Skip to content

Job Logs

Every task's stdout/stderr, and every run's driver orchestration log, is captured, streamed live to the admin UI, and retained for later inspection.

Capture and streaming

As a Worker runs a task, it batches the task's output and pushes it to the leader over the internal protocol (kiok.joblog.worker.batch.* controls batch size and interval). The leader stores it and serves it back to the admin UI.

Each run also has a run log — the driver's orchestration log (which task was dispatched, when, with what result) — stored under a reserved task id. The UI streams both per-task logs and the run log incrementally: an offset-based tail fetches only newly-appended bytes, with a Live / Paused toggle.

Where logs live

Job logs are stored in a dedicated leader-side RocksDB store, separate from the metadata store, and KMS envelope-encrypted at rest. There are two retention modes:

  • No S3 archival (default) — the leader RocksDB store is the permanent home. A completed task's log stays there indefinitely.
  • S3 archival configured — a periodic flush (kiok.joblog.flush.interval.ms, default 10s) and a final flush on task completion copy each log to S3, after which the RocksDB buffer is dropped. The periodic flush means even a long task that dies still has its log up to the last interval.
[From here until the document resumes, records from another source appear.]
Lemma lnormalize_lcross_derive {F G x} {F' G' : vec3 R} :
  is_derive x 1 F F' -> is_derive x 1 G G' ->
  0 < ldot (lcross (F x) (G x)) (lcross (F x) (G x)) ->
  let n := lnormalize (lcross (F x) (G x)) in
  let n' := derive1 (fun s => lnormalize (lcross (F s) (G s))) x in
  [/\ ldot n' n = 0, ldot n' (F x) = - ldot n F' & ldot n' (G x) = - ldot n G'].
Proof.
move=> dF dG NN n n'; have dN := is_derive_lcross dF dG.
have dn : is_derive x 1 (fun s => lnormalize (lcross (F s) (G s))) n'.
  by rewrite /n' derive1E; exact: derivableP (derivable_lnormalize dN NN).
have NN_near : \forall s \near x, 0 < ldot (lcross (F s) (G s)) (lcross (F s) (G s)).
  have cont : {for x, continuous (fun s => ldot (lcross (F s) (G s)) (lcross (F s) (G s)))}.
    by apply/differentiable_continuous/derivable1_diffP; case: (is_derive_ldot dN dN).
  exact: cvgr_gt cont _ NN.
split.
- have unit : \forall s \near x, ldot (lnormalize (lcross (F s) (G s)))
                                      (lnormalize (lcross (F s) (G s))) = 1.
    by apply: filterS NN_near => s; exact: ldot_lnormalize.
  by rewrite ldotC; exact: ldot_self_derive_near_const unit dn.
- apply/eqP; rewrite -subr_eq0 opprK; apply/eqP.
  apply: (ldot_derive_near_const dn dF (k := 0)); apply: filterE => s.
  by rewrite /lnormalize ldotZl ldot_lcrossl mulr0.
- apply/eqP; rewrite -subr_eq0 opprK; apply/eqP.
  apply: (ldot_derive_near_const dn dG (k := 0)); apply: filterE => s.
  by rewrite /lnormalize ldotZl ldot_lcrossr mulr0.
Qed.

Lemma degenerate_velocity {gamma V : R -> vec3 R} {t} :
  (\forall s \near t, is_derive s (1 : R) gamma (V s)) ->
  degenerate gamma t <-> lcross (V t) ('D_1 V t) = 0.
Proof.
move=> dgamma.
have d1 : \forall s \near t, derive1 gamma s = V s.
  by apply: filterS dgamma => s [_ <-]; rewrite derive1E.
by rewrite /degenerate (nbhs_singleton d1) derive1E (near_eq_derive _ d1).
Qed.

End VectorCalculus.

Local Notation i0 := (@ord0 1).
Local Notation i1 := (@ord_max 1).

Lemma ord2P (i : 'I_2) : i = i0 \/ i = i1.
Proof. by case: i => -[|[|//]] lt_i2; [left | right]; apply/val_inj. Qed.

Lemma sum_ord2 {V : nmodType} (F : 'I_2 -> V) : \sum_(i < 2) F i = F i0 + F i1.
Proof.
rewrite (bigD1 i0) // (bigD1 i1) //= big1 ?addr0 // => i /andP[ne_i0 ne_i1].
by case: (ord2P i) ne_i0 ne_i1 => ->; rewrite eqxx.
Qed.

Lemma matrix2P (F : Type) (A B : 'M[F]_2) :
  A i0 i0 = B i0 i0 -> A i0 i1 = B i0 i1 -> A i1 i0 = B i1 i0 -> A i1 i1 = B i1 i1 ->
  A = B.
Proof.
move=> e00 e01 e10 e11; apply/matrixP => i j.
by case: (ord2P i) => ->; case: (ord2P j) => ->.
Qed.

Lemma mulmx2E (F : pzRingType) (A B : 'M[F]_2) i j :
  (A *m B) i j = A i i0 * B i0 j + A i i1 * B i1 j.
Proof. by rewrite mxE sum_ord2. Qed.

Lemma diagonalizable_sqr0 {F : fieldType} {n} {A : 'M[F]_n} :
  diagonalizable A -> A *m A = 0 -> A = 0.
Proof.
case=> P Pu /(diagonalizable_forLR Pu) [d ->]; rewrite mxpoly.conjVmx // => AA.
have dd : diag_mx d *m diag_mx d = 0.
  have := congr1 (fun B => P *m B *m invmx P) AA.
  by rewrite mulmx0 mul0mx !mulmxA mulmxV // mul1mx !mulmxK.
have d0 : diag_mx d = 0.
  apply/matrixP => i j; rewrite [RHS]mxE.
  have := congr1 (fun B : 'M[F]_n => B i i) dd; rewrite mul_diag_mx !mxE eqxx mulr1n => /eqP.
  by rewrite mulf_eq0 orbb => /eqP ->; rewrite mul0rn.
by rewrite d0 mulmx0 mul0mx.
Qed.

Lemma antidiag_diagonalizable {C : numClosedFieldType} {M : 'M[C]_2} :
  M i0 i0 = 0 -> M i1 i1 = 0 ->
  diagonalizable M <-> (M i0 i1 == 0) = (M i1 i0 == 0).
Proof.
move=> m00 m11; set p := M i0 i1; set q := M i1 i0.
have MM : M *m M = (p * q)%:M.
  by apply: matrix2P; rewrite mulmx2E !mxE /= -/p -/q ?m00 ?m11; ring.
split => [Md | ].
- have M2_0 : p * q = 0 -> M *m M = 0.
    by move=> pq0; rewrite MM pq0; apply/matrixP => i j; rewrite !mxE mul0rn.
  have [p0|p0] := eqVneq p 0; have [q0|q0] := eqVneq q 0 => //; exfalso.
  + have pq0 : p * q = 0 by rewrite p0 mul0r.
    move/matrixP/(_ i1 i0)/eqP: (diagonalizable_sqr0 Md (M2_0 pq0)).
    by rewrite mxE (negbTE q0).
  + have pq0 : p * q = 0 by rewrite q0 mulr0.
    move/matrixP/(_ i0 i1)/eqP: (diagonalizable_sqr0 Md (M2_0 pq0)).
    by rewrite mxE (negbTE p0).
have [p0 /esym/eqP q0|p0 /esym/negbT q0] := eqVneq p 0.
  have -> : M = 0 by apply: matrix2P; rewrite !mxE.
  exact: diagonalizable0.
set mu := sqrtC (p * q).
have mu0 : mu != 0 by rewrite sqrtC_eq0 mulf_neq0.
have pE : p = mu ^+ 2 / q by rewrite sqrtCK mulfK.
apply/diagonalizableP; exists [:: mu; - mu].
  by rewrite /= inE andbT -addr_eq0 -mulr2n mulrn_eq0 negb_or mu0.
apply: mxminpoly_min; rewrite !big_cons big_nil mulr1 rmorphM !rmorphB /=.
rewrite horner_mx_X !horner_mx_C; apply: matrix2P;
  rewrite !mulmx2E !mxE /= ?m00 ?m11 -/p -/q ?pE; field; done.
Qed.

Lemma antidiag_real_diagonalizable {R : rcfType} {S : 'M[R]_2} :
  S i0 i0 = 0 -> S i1 i1 = 0 ->
  diagonalizable (map_mx (fun x : R => (Complex x 0 : R[i])) S) <->
  (S i0 i1 == 0) = (S i1 i0 == 0).
Proof.
move=> s00 s11; rewrite antidiag_diagonalizable ?mxE ?s00 ?s11 //.
by rewrite -![(_ +i* 0)%C]/(real_complex R _) !fmorph_eq0.
Qed.

Section Chart.
Context {R : realType}.
Implicit Types (phi psi : R -> vec3 R) (c : vec3 R) (s t : R).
Configure the S3 destination with kiok.joblog.s3.* (endpoint, region, bucket, prefix, credentials).

Reading a completed log

A log read checks the leader RocksDB store first; if the buffer is empty and S3 archival is on, it falls back to the S3 archive. So a completed task whose RocksDB buffer was dropped after archival is still served transparently — the UI and CLI never need to know which tier holds the bytes.

Durability

In the default no-S3 configuration, job logs live only in the leader's RocksDB. To protect them against a leader disk loss, enable Backup & Restore — job logs are one of the backed-up stores, so a restore brings completed-run logs back along with the rest of cluster state.